Глафира долго не раздумывает и толкает Мишку прямо в куст крапивы, куда он приземляется, как вертолет, смешно махнув руками. Тут же хохот у клуба, где собралась молодежь.

- Эй ты, пышка, - выбравшись из куста и потирая мягкое место, Михаил сплюнул прямо под ноги Глафире, выказывая свою злость, - думаешь, надо мой смеются… это над тобой ржут…

Глаша отворачивается, обидчиво поджимая губы. Подружка Наташа кладет ей руку на плечо. – Ну, чего ты, Глаша, не знаешь Мишку что ли? Ему лишь бы позубоскалить.

Глаша улыбнулась. И плакать она не собирается. Привыкшая уже. Да и понимает она: Наташе легко успокаивать, её «пышкой» не зовут, она хоть и крепкая девчонка, но рядом с Глашей как березка.

- Пойдем, кино скоро начнется, - зовет Наташа, и они вместе со всеми входят в полумрак деревенского клуба.

Аккуратно придерживая платье, усаживается на поскрипывающие деревянные сидения сельского клуба конца шестидесятых. Комфорта мало, зато удовольствия от киноискусства – с избытком.

Глаша вздыхает, глядя на стройных героинь фильма.

Вот ведь и старшая сестра Мария отличается от нее комплекцией. А все потому, что в отца, или в отцовскую родню – такая же худощавая, как отец. Да и Колька – младший брат – тоже как стержень. А вот мамка у них – полненькая, и всегда такой была, видно Глафира в мать пошла. Хотя Клавдии – Глашиной матери – нисколечко это не мешает. Управляется шустро, будто и не устает, и с отцом у них всегда ладно. И вроде глянешь на них: ну какая это пара? Он худой как оглобля, высокий, медлительный, а она – пышная, шустрая, а все равно люди говорят, что два сапога пара.

Глаша вздыхает, подумав, что не предвидится ей пары в родном селе, да и не в родном – тоже.

В воскресенье девчата поманили Глафиру в райцентр, как раз грузовая с будкой скоро пойдет, вот и поместятся в этой будке, где скамейки деревянные и на ухабах так подбрасывает – подпрыгиваешь, как мячик.

Зато до самого центра довезли, где здание райсовета и площадь, залитая солнцем и музыка из громкоговорителя на всю округу. А поодаль бочка с квасом - туда и побежали девчата. Стоят, смеются, щурятся от солнца, радуясь летнему дню.

- Глянь, какая пышечка, - услышала Глафира. И хочется ей думать, что не про нее это сказано, но нет среди ее подружек таких как она. И поворачивается Глаша (а вдруг не про нее) – а там, у дерева, в тени, стоят два парня. Один задумчивый, сосредоточенный на своих мыслях, а второй - с насмешливым взглядом, уставился на Глафиру, оглядывая ее с ног до головы, и снова толкает в бок своего задумчивого приятеля.

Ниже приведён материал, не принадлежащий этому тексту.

(* Let $E$ be a semi-Montel or Schwartz space, let $\mathcal{FV}(\Omega)$ be a dom-space and let $U$ fix the topology in $\mathcal{FV}(\Omega)$. Then for every $f\in\mathcal{FV}_{E'}(U,E)_{lb}$ the map $\mathscr{R}_f\colon E'\to\mathcal{FV}(\Omega)$, $\mathscr{R}_f(e'):=f_{e'}$, belongs to $L(E'_\gamma,\mathcal{FV}(\Omega))$, and for every $\alpha\in\mathfrak{A}$ the set $\mathscr{R}_f(B_\alpha^\circ)$ is relatively compact in $\mathcal{FV}(\Omega)$, where $B_\alpha:=\{x\in E:p_\alpha(x)<1\}$.
   Context: $\mathbb{K}\in\{\mathbb{R},\mathbb{C}\}$; $E$ is a non-trivial locally convex Hausdorff space over $\mathbb{K}$ with a directed fundamental system of seminorms $(p_\alpha)_{\alpha\in\mathfrak{A}}$; $E'$ its dual, $B_\alpha^\circ$ the polar of $B_\alpha$ in $E'$, and $E'_\gamma$ is $E'$ with the topology of uniform convergence on precompact subsets of $E$. Semi-Montel: bounded sets are relatively compact; Schwartz space in the usual sense. Weighted function spaces: Let $\Omega,J,L$ be non-empty sets, $(M_l)_{l\in L}$ non-empty sets and $\mathcal{V}=((\nu_{j,l,m})_{m\in M_l})_{j\in J,l\in L}$ functions $\nu_{j,l,m}\colon\Omega\to[0,\infty)$ such that for all $x\in\Omega$, $l\in L$ there is $j\in J$ with $\nu_{j,l,m}(x)>0$ for all $m\in M_l$. Let $\mathcal{M}_{\mathrm{top}}:=\bigcup_lM_l$, and $\mathcal{M}_0,\mathcal{M}_r$ sets, the three pairwise disjoint, $\mathcal{M}$ their union; $(\omega_m)_{m\in\mathcal{M}}$ non-empty sets with $\Omega\subset\omega_m$ for $m\in\mathcal{M}_{\mathrm{top}}$; $T^{\mathbb{K}}_m\colon\operatorname{dom}T^{\mathbb{K}}_m\subset\mathbb{K}^\Omega\to\mathbb{K}^{\omega_m}$ linear. $\mathcal{FV}(\Omega)$ is the set of $f\in\bigcap_{m\in\mathcal{M}}\operatorname{dom}T^{\mathbb{K}}_m\cap\bigcap_{m\in\mathcal{M}_0}\ker T^{\mathbb{K}}_m$ with $|f|_{j,l}:=\sup_{x\in\Omega,m\in M_l}|T^{\mathbb{K}}_m(f)(x)|\nu_{j,l,m}(x)<\infty$ for all $j,l$, with these seminorms. $T^{\mathbb{K}}_{m,x}(f):=T^{\mathbb{K}}_m(f)(x)$. It is a dom-space if the seminorms are directed and point evaluations $f\mapsto f(x)$ are continuous. $U\subset\bigcup_{m\in\mathcal{M}}\{m\}\times\omega_m$ fixes the topology in $\mathcal{FV}(\Omega)$ if for all $j\in J$, $l\in L$ there are $i\in J$, $k\in L$, $C>0$ with $|f|_{j,l}\le C\sup\{|T^{\mathbb{K}}_m(f)(x)|\nu_{i,k,m}(x): x\in\Omega,\,m\in M_k,\,(m,x)\in U\}$ for all $f\in\mathcal{FV}(\Omega)$. $\mathcal{FV}_{E'}(U,E)$ is the set of $f\colon U\to E$ such that for each $e'\in E'$ there is a (unique) $f_{e'}\in\mathcal{FV}(\Omega)$ with $T^{\mathbb{K}}_m(f_{e'})(x)=e'(f(m,x))$ for all $(m,x)\in U$. For $i\in J$, $k\in L$ let $N_{U,i,k}(f):=\{f(m,x)\nu_{i,k,m}(x): x\in\Omega,\,m\in M_k,\,(m,x)\in U\}$, and $\mathcal{FV}_{E'}(U,E)_{lb}$ is the set of $f\in\mathcal{FV}_{E'}(U,E)$ with $N_{U,i,k}(f)$ bounded in $E$ for all $i\in J$, $k\in L$. *)

From HB Require Import structures.
From mathcomp Require Import all_boot all_order all_algebra.
From mathcomp Require Import complex.
From mathcomp Require Import boolp classical_sets cardinality reals.
Import Order.TTheory GRing.Theory Num.Theory.
Local Open Scope ring_scope.
Local Open Scope classical_set_scope.

Definition Kf (R : realType) (b : bool) : numFieldType :=
  if b then (R : numFieldType) else (R[i] : numFieldType).

Definition kabs (R : realType) (b : bool) : Kf R b -> R :=
  match b return Kf R b -> R with
  | true => fun x : R => `|x|
  | false => fun z : R[i] => complex.Re `|z|
  end.

Definition kofR (R : realType) (b : bool) : R -> Kf R b :=
  match b return R -> Kf R b with
  | true => fun x : R => x
  | false => fun x : R => (x%:C)%C
  end.

(* Topologies given by a family of "balls" bl i e x (i an index of a    *)
(* seminorm, e > 0 a radius, x a centre).  Open sets, continuity,      *)
Section BallTopology.
Variable R : realType.

Definition bopen {V I : Type} (bl : I -> R -> V -> set V) (O : set V) : Prop :=
  forall x, O x -> exists i : I, exists2 e : R, 0 < e & bl i e x `<=` O.

Definition bcontinuous {V I W J : Type} (blV : I -> R -> V -> set V)
    (blW : J -> R -> W -> set W) (g : V -> W) : Prop :=
  forall O : set W, bopen blW O -> bopen blV (g @^-1` O).

Definition bclosure {V I : Type} (bl : I -> R -> V -> set V) (A : set V) : set V :=
  [set x | forall O : set V, bopen bl O -> O x -> exists2 y, A y & O y].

Глаша подошла ближе к подружкам – хочется ей спрятаться от масляных глаз, знает она такой взгляд, им бы только ущипнуть, а то и зажать, а потом позубоскалить.

- Девчата, а мы еще и на танцы успеем! – Объявляет Нина.

- Так вечер уже… домой когда?

- Успеем! Дядя Вася обещал от дома культуры забрать всех. Ну чего вы, идем или нет?

- Идем!

Танцы в районном доме культуры – это не то, что в клубе, где все неженатые наперечет. Да и музыка – зачастую одна гармошка.

А тут и здание с белыми колоннами, и людей много, и танцы, и музыка другая. А еще к ним оркестр из области приезжает, но это уже по праздникам.

Глаша одобрительно взглянула на подол голубого платья, радуясь, что именно его надела, и стараясь не отставать, догнала девчат.

Танцплощадка гудела, как улей. Под навесом, увитым гирляндами из бумажных флажков, кружились пары, а у стены толпились те, кто ещё не решился или кого не пригласили. Глаша встала туда же — привычно, не обольщаясь. Наташа уже порхнула в круг, Нина тоже, а Глафира стояла, сцепив руки перед собой, и делала вид, что ей интересно разглядывать флажки.

Музыка сменилась на медленную. Кто-то поставил пластинку, и над площадкой поплыл голос — тягучий, бархатный. Пары сблизились, зашептались. Глаша уже собиралась отойти к скамейке, когда перед ней выросла фигура.

Тот самый — задумчивый. Который стоял у дерева и не смотрел. Вблизи он оказался невысоким, чуть выше Глаши, с тёмными, коротко стриженными волосами и спокойными серыми глазами. Не красавец. Но и не из тех, кто скалится. Он смотрел ей в лицо — именно в лицо, а не ниже, не на бёдра, не на грудь — и молчал, протягивая руку.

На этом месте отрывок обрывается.